Enter Arize AI. Arize’s singular mission is to help models succeed in live environments by offering a tool that tracks model deployment down to the business-metric impact. Think New Relic or Datadog for ML. The platform is built for the ML engineers who put models into production and are responsible for debugging them if something goes wrong. With the Arize dashboard, they can monitor the predictions of ML models, diagnose and debug any issues without going back to square one, and explain what the models are trying to do.
Arize is led by CEO Jason Lopetecki and CPO Aparna Dhinakaran. I couldn’t wish for a better pair of cofounders to tackle the observability problem. Both hold EECS degrees from Berkeley. Both have deep experience building out and deploying thousands of AI models—Jason at TubeMogul, where he was a founding executive and built the company’s AI performance management system; and Aparna who led the development of critical components of Uber’s machine learning platform.
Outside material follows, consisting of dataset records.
Lemma sum_cPr_ratio_le1 : \sum_w P w * (p w / q w) <= 1.
Proof.
rewrite sum_cPr_ratioE -[X in _ <= X]sum_kernel_eq1.
apply: ler_sum => u _; apply: ler_sum => v _.
by rewrite -[X in _ <= X]mulr1 ler_wpM2l ?kernel_ge0 ?divff_le1.
Qed.

Hypothesis cond_entropy_eq : \sum_w P w * ln (p w) = \sum_w P w * ln (q w).

Lemma cPr_own_value_gt0 w : 0 < P w -> 0 < p w /\ 0 < q w.
Proof.
move=> Pw; split; apply: divr_gt0; apply: (Pr_gt0 P_ge0 _ Pw);
  by rewrite ?inE ?eqxx ?Dc_self ?Df_self.
Qed.

Lemma cPr_refine_eq_at w : 0 < P w -> q w = p w.
Proof.
move=> Pw; apply/esym; apply: (gibbs_equality P_ge0 P_sum1 _ sum_cPr_ratio_le1) => //.
exact: cPr_own_value_gt0.
Qed.

Lemma sum_cPr_ratio_eq1 : \sum_w P w * (p w / q w) = 1.
Proof.
rewrite -[RHS]P_sum1; apply: eq_bigr => w _.
have [->|Pw] := eqVneq (P w) 0; first by rewrite mul0r.
have {}Pw : 0 < P w by rewrite lt_def Pw P_ge0.
have [_ q_gt0] := cPr_own_value_gt0 Pw.
by rewrite -(cPr_refine_eq_at Pw) divff ?mulr1 // lt0r_neq0.
Qed.

Lemma Pr_refine_value_gt0 u v : 0 < P u -> 0 < P v -> v \in Dc u ->
  0 < Pr P (A v :&: Df u).
Proof.
move=> Pu Pv vDu.
(* Equality in [sum_cPr_ratio_le1] forces each ratio with [K u v != 0] to be 1. *)
pose slack u' v' := K u' v' * (1 - Pr P (A v' :&: Df u') / Pr P (A v' :&: Df u')).
have slack_ge0 u' v' : 0 <= slack u' v'.
  by rewrite mulr_ge0 ?kernel_ge0 // subr_ge0 divff_le1.
have slack_sum0 : \sum_u \sum_v slack u v = 0.
  transitivity (\sum_u \sum_v K u v -
     \sum_u \sum_v K u v * (Pr P (A v :&: Df u) / Pr P (A v :&: Df u))).
    rewrite -sumrB; apply: eq_bigr => u' _; rewrite -sumrB.
    by apply: eq_bigr => v' _; rewrite /slack; ring.
  by rewrite sum_kernel_eq1 -sum_cPr_ratioE sum_cPr_ratio_eq1 subrr.
have /eqP := psumr_eq0P (fun v' _ => slack_ge0 u v')
  (psumr_eq0P (fun u' _ => sumr_ge0 _ (fun v' _ => slack_ge0 u' v')) slack_sum0 (i := u) isT)
  (i := v) isT.
have K_neq0 : K u v != 0.
  by rewrite vDu mulr1 !mulf_neq0 ?invr_neq0 ?lt0r_neq0 // (Pr_gt0 P_ge0 (Dc_self u)).
rewrite mulf_eq0 (negbTE K_neq0) subr_eq0 /= => /eqP ratio1.
rewrite lt_def Pr_ge0 // andbT; apply/eqP => Pr0.
by move: ratio1; rewrite Pr0 mul0r => /eqP; rewrite oner_eq0.
Qed.

Lemma cPr_refine_eq u a : 0 < P u ->
  cPr P [set w | U w == a] (Df u) = cPr P [set w | U w == a] (Dc u).
Proof.
move=> Pu; set Aa := [set w | U w == a].
have [PrAc0|PrAc_neq0] := eqVneq (Pr P (Aa :&: Dc u)) 0.
  have PrAf0 : Pr P (Aa :&: Df u) = 0.
    by apply/eqP; rewrite eq_le Pr_ge0 // andbT -PrAc0 le_Pr // setIS.
  by rewrite /cPr PrAc0 PrAf0 !mul0r.
have PrAc_gt0 : 0 < Pr P (Aa :&: Dc u) by rewrite lt0r PrAc_neq0 Pr_ge0.
have [v] := Pr_gt0P P_ge0 PrAc_gt0; rewrite !inE => /andP[/eqP Uva vDu] Pv.
have [w] := Pr_gt0P P_ge0 (Pr_refine_value_gt0 Pu Pv vDu).
rewrite !inE => /andP[/eqP Uwv wDu] Pw.
have Aw : A w = Aa by apply/setP => x; rewrite !inE Uwv Uva.
by have := cPr_refine_eq_at Pw; rewrite Aw (Df_eq wDu) (Dc_eq (subsetP (Df_sub u) _ wDu)).
Qed.

End Refinement.

Lemma cPr_comp_sum (R : realType) (Om F : finType) (T : eqType) (P : Om -> R)
    (Z : Om -> F) (h : F -> T) (a : T) (B : {set Om}) :
  cPr P [set w | h (Z w) == a] B = \sum_(b : F) (h b == a)%:R * cPr P [set w | Z w == b] B.
Proof.
rewrite /cPr; under eq_bigr => b _ do rewrite mulrA.
rewrite -big_distrl /=; congr (_ / _).
rewrite PrE; under eq_bigr => b _ do rewrite PrE big_distrr /=.
rewrite exchange_big /=; apply: eq_bigr => w _.
rewrite (bigD1 (Z w)) //= big1 ?addr0.
  by rewrite !inE eqxx /=; case: (h (Z w) == a); case: (w \in B) => /=; ring.
by move=> b b_neq_Zw; rewrite !inE (eq_sym (Z w)) (negbTE b_neq_Zw) /=; ring.
Qed.

Section Events.
Variables (N : nat) (Om : finType) (T : 'I_N -> eqType) (Z : forall j : 'I_N, Om -> T j).

Lemma ev_self (S : {set 'I_N}) w : w \in ev Z S w.
Proof. by rewrite inE; apply/forallP => j; apply/implyP. Qed.

Lemma ev_eq (S : {set 'I_N}) w v : v \in ev Z S w -> ev Z S v = ev Z S w.
Proof.
rewrite inE => /forallP v_w; apply/setP => x; rewrite !inE.
by apply: eq_forallb => j; apply: implyb_id2l => jS; move/implyP/(_ jS)/eqP: (v_w j) => ->.
Qed.

Lemma ev_subset (S S' : {set 'I_N}) w : S' \subset S -> ev Z S w \subset ev Z S' w.
Proof.
move=> sS; apply/subsetP => x; rewrite !inE => /forallP x_w.
by apply/forallP => j; apply/implyP => jS; apply: (implyP (x_w j)); apply: (subsetP sS).
Qed.

Lemma ev_comp (T' : 'I_N -> eqType) (g : forall j, T j -> T' j) (S : {set 'I_N}) w :
  ev Z S w \subset ev (fun j w => g j (Z j w)) S w.
Proof.
apply/subsetP => x; rewrite !inE => /forallP x_w.
by apply/forallP => j; apply/implyP => jS; move/implyP/(_ jS)/eqP: (x_w j) => ->.
Qed.

End Events.

Theorem proposition2 (R : realType) (N : nat) (e : rel 'I_N) (e_sym : symmetric e)
  (Om : finType) (P : Om -> R) (hP : is_pmf P)
  (Xa : 'I_N -> finType) (X : forall i : 'I_N, Om -> Xa i)
  (Ya : 'I_N -> eqType) (g : forall i : 'I_N, Xa i -> Ya i) :
  MRF P e X ->
  (forall i : 'I_N,
     condH P (fun w => g i (X i w)) (fun j w => g j (X j w)) (nbhd e i)
     = condH P (fun w => g i (X i w)) X (nbhd e i)) ->
  MRF P e (fun j w => g j (X j w)).
Proof.
move=> mrfX cond_entropy_eq i w0 PrYcell_gt0 a; have [P_ge0 P_sum1] := hP.
set Y := fun j w => g j (X j w).
have nbhd_sub : nbhd e i \subset ~: [set i] by apply/subsetP => j; rewrite !inE => /andP[].
apply: (cPr_const_union P_ge0 (ev_self X _) (@ev_eq _ _ _ X _)).
- exact: lt0r_neq0.
- by move=> u uE; rewrite -(ev_eq uE); apply: ev_comp.
move=> v vE Pv.
have PrXv_gt0 := Pr_gt0 P_ge0 (ev_self X (~: [set i]) v) Pv.
rewrite cPr_comp_sum; under eq_bigr => b _ do rewrite mrfX //; rewrite -cPr_comp_sum.
rewrite (cPr_refine_eq P_ge0 P_sum1 (ev_self X _) (ev_self Y _) (@ev_eq _ _ _ X _)
  (@ev_eq _ _ _ Y _) (fun w => ev_comp X g _ w) (oppr_inj (cond_entropy_eq i)) a Pv).
by rewrite (ev_eq (subsetP (ev_subset Y w0 nbhd_sub) v vE)).
Qed.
Both Aparna and Jason were also frustrated with having to amend and account for AI/ML problems at their companies, and were independently working to solve many of the same observability problems in deployed AI/ML. They joined forces when they realized they shared the conviction that the answer to the problems plaguing businesses using ML is a vertical solution: namely, software that can watch, troubleshoot, provide guardrails, and give insight back to the team on AI performance in the business. Or, as Jason wrote in Arize’s launch blog post, “We have a simple proposition in a complex industry. We are focused on one vertical, helping companies with their production ML and [doing] it immensely well.”
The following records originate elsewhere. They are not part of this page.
(* Assume the setting and standing assumptions described in the context, and let $d>0$ with $\Xi\subset\Omega_d=\{z\in\mathbb{R}^{2n}:|z|<d\}$. Let $p\ge1$, $\epsilon>0$, and let $\delta_0,\dots,\delta_p\in\mathbb{R}$ satisfy: $\mathcal{L}_F^p\phi(z)\le\sum_{i=0}^{p-1}\delta_i\mathcal{L}_F^i\phi(z)+\delta_p$ for all $z\in\Omega_d$; $\delta_0\phi((x,0))+\delta_p\ge\epsilon$ for all $x\in\mathrm{Z}$; and $\delta_i\ge0$ for all $i$. Let $A$ be the $(p+1)\times(p+1)$ matrix with $A_{k,k+1}=1$ for $k=1,\dots,p-1$, $p$-th row $(\delta_0,\dots,\delta_{p-1},1)$, last row zero and other entries zero; $C=(1,0,\dots,0)$. Define $$\eta(x,0)=\big(\phi((x,0)),\max(\mathcal{L}_F\phi((x,0)),0),\dots,\max(\mathcal{L}_F^{p-1}\phi((x,0)),0),\delta_p\big)^\top,\qquad \eta_1(x,t)=Ce^{At}\eta(x,0).$$ Then for every $x\in\mathrm{Z}$, the map $t\mapsto\eta_1(x,t)$ is strictly increasing for $t>0$.
   Context: Let $f:\mathbb{R}^n\times\mathbb{R}^m\to\mathbb{R}^n$ and a feedback law $\upsilon:\mathbb{R}^n\to\mathbb{R}^m$ be given. Define $F:\mathbb{R}^{2n}\to\mathbb{R}^{2n}$ by $F(z,e)=\big(f(z,\upsilon(z+e)),\,-f(z,\upsilon(z+e))\big)$. For $x\in\mathbb{R}^n$, $\xi(t;x)$ denotes the solution of $\dot\xi=F(\xi)$ with $\xi(0;x)=(x,0)$. A triggering function $\phi:\mathbb{R}^{2n}\to\mathbb{R}$ is given. $\mathcal{L}_F^k\phi$ denotes the $k$-th Lie derivative of $\phi$ along $F$ ($\mathcal{L}_F^0\phi=\phi$). Standing assumptions: (i) $F$ is smooth and homogeneous of degree $\alpha\ge1$ with all weights $1$, i.e. $F(\lambda\xi)=\lambda^{\alpha+1}F(\xi)$ for all $\lambda>0$; (ii) $\phi$ is smooth and homogeneous of degree $\theta\ge1$ with weights $1$, i.e. $\phi(\lambda\xi)=\lambda^{\theta+1}\phi(\xi)$ for all $\lambda>0$; (iii) for every $x\ne0$, $\phi((x,0))<0$ and there exists $t_x\in(0,\infty)$ with $\phi(\xi(t_x;x))=0$; (iv) compact sets $\mathrm{Z}\subset\mathbb{R}^n$, $\Xi\subset\mathbb{R}^{2n}$ containing a neighbourhood of the origin are given such that for all $x\in\mathrm{Z}$, $t\ge0$: $\phi(\xi(t;x))\le0\Rightarrow\xi(t;x)\in\Xi$; (v) the origin is the only equilibrium of $\dot\zeta=f(\zeta,\upsilon(\zeta))$. *)

From HB Require Import structures.
From mathcomp Require Import all_boot all_order all_algebra.
From mathcomp Require Import all_classical all_reals all_analysis.
Set Implicit Arguments. Unset Strict Implicit. Unset Printing Implicit Defensive.
Import Order.TTheory GRing.Theory Num.Theory.
Import numFieldNormedType.Exports.
Local Open Scope classical_set_scope.
Local Open Scope ring_scope.

Section Defs.
Variable R : realType.

(* Euclidean norm |z| of a row vector (the library norm on matrices is the sup norm). *)
Definition enorm (k : nat) (z : 'rV[R]_k) : R := Num.sqrt (\sum_(i < k) z 0 i ^+ 2).

Fixpoint iterD (V W : normedModType R) (vs : seq V) (g : V -> W) : V -> W :=
  match vs with
  | [::] => g
  | v :: vs' => fun z => 'D_v (iterD vs' g) z
  end.

Definition smooth (V W : normedModType R) (g : V -> W) : Prop :=
  forall (vs : seq V) (z : V), differentiable (iterD vs g) z.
Speaking of shared adventures that lead to happy friendships, I’ve known Jason since 2010, when I invested in TubeMogul, a video-advertising software company, which he cofounded with Brett Wilson. Jason and I worked closely as he led strategy and innovation at TubeMogul. He, Brett, and their team built the company into a booming business, which went public, and, later on, was acquired by Adobe. It was at TubeMogul where I also first crossed paths with Aparna, during her stint at the company working on fraud detection and mitigation. So, I’m on a first-name basis with both their impressive technical prowess and their deep commitment to helping companies stand up ML models in the real world. The most gratifying, albeit rare, moments for investors like myself is to see someone succeed a second time; when Jason and Aparna came to me with their idea for a startup to make ML predictions explainable, actionable, and integrated with business metrics, I knew they would take me to my happy place.
The sweet spot for venture investors is backing a startup that combines a strong pre-existing relationship with the founders and a deeply held investment thesis. So I could not be more thrilled to be leading Arize’s first round of funding. Jason and Aparna are the real deal. They are building an essential component of the automated enterprise, which we here at Foundation Capital have been sketching out, speaking on, and investing in for a decade. Arize empowers companies with explainable analysis to fix models or upstream engineering issues; it will enable them to catch problems before customers see them, and give data scientists time back. Arize is the missing piece to making ML usable at scale in large businesses. So, when it comes to production AI, enterprises can keep hoping for the best as their strategy—or they can Arize.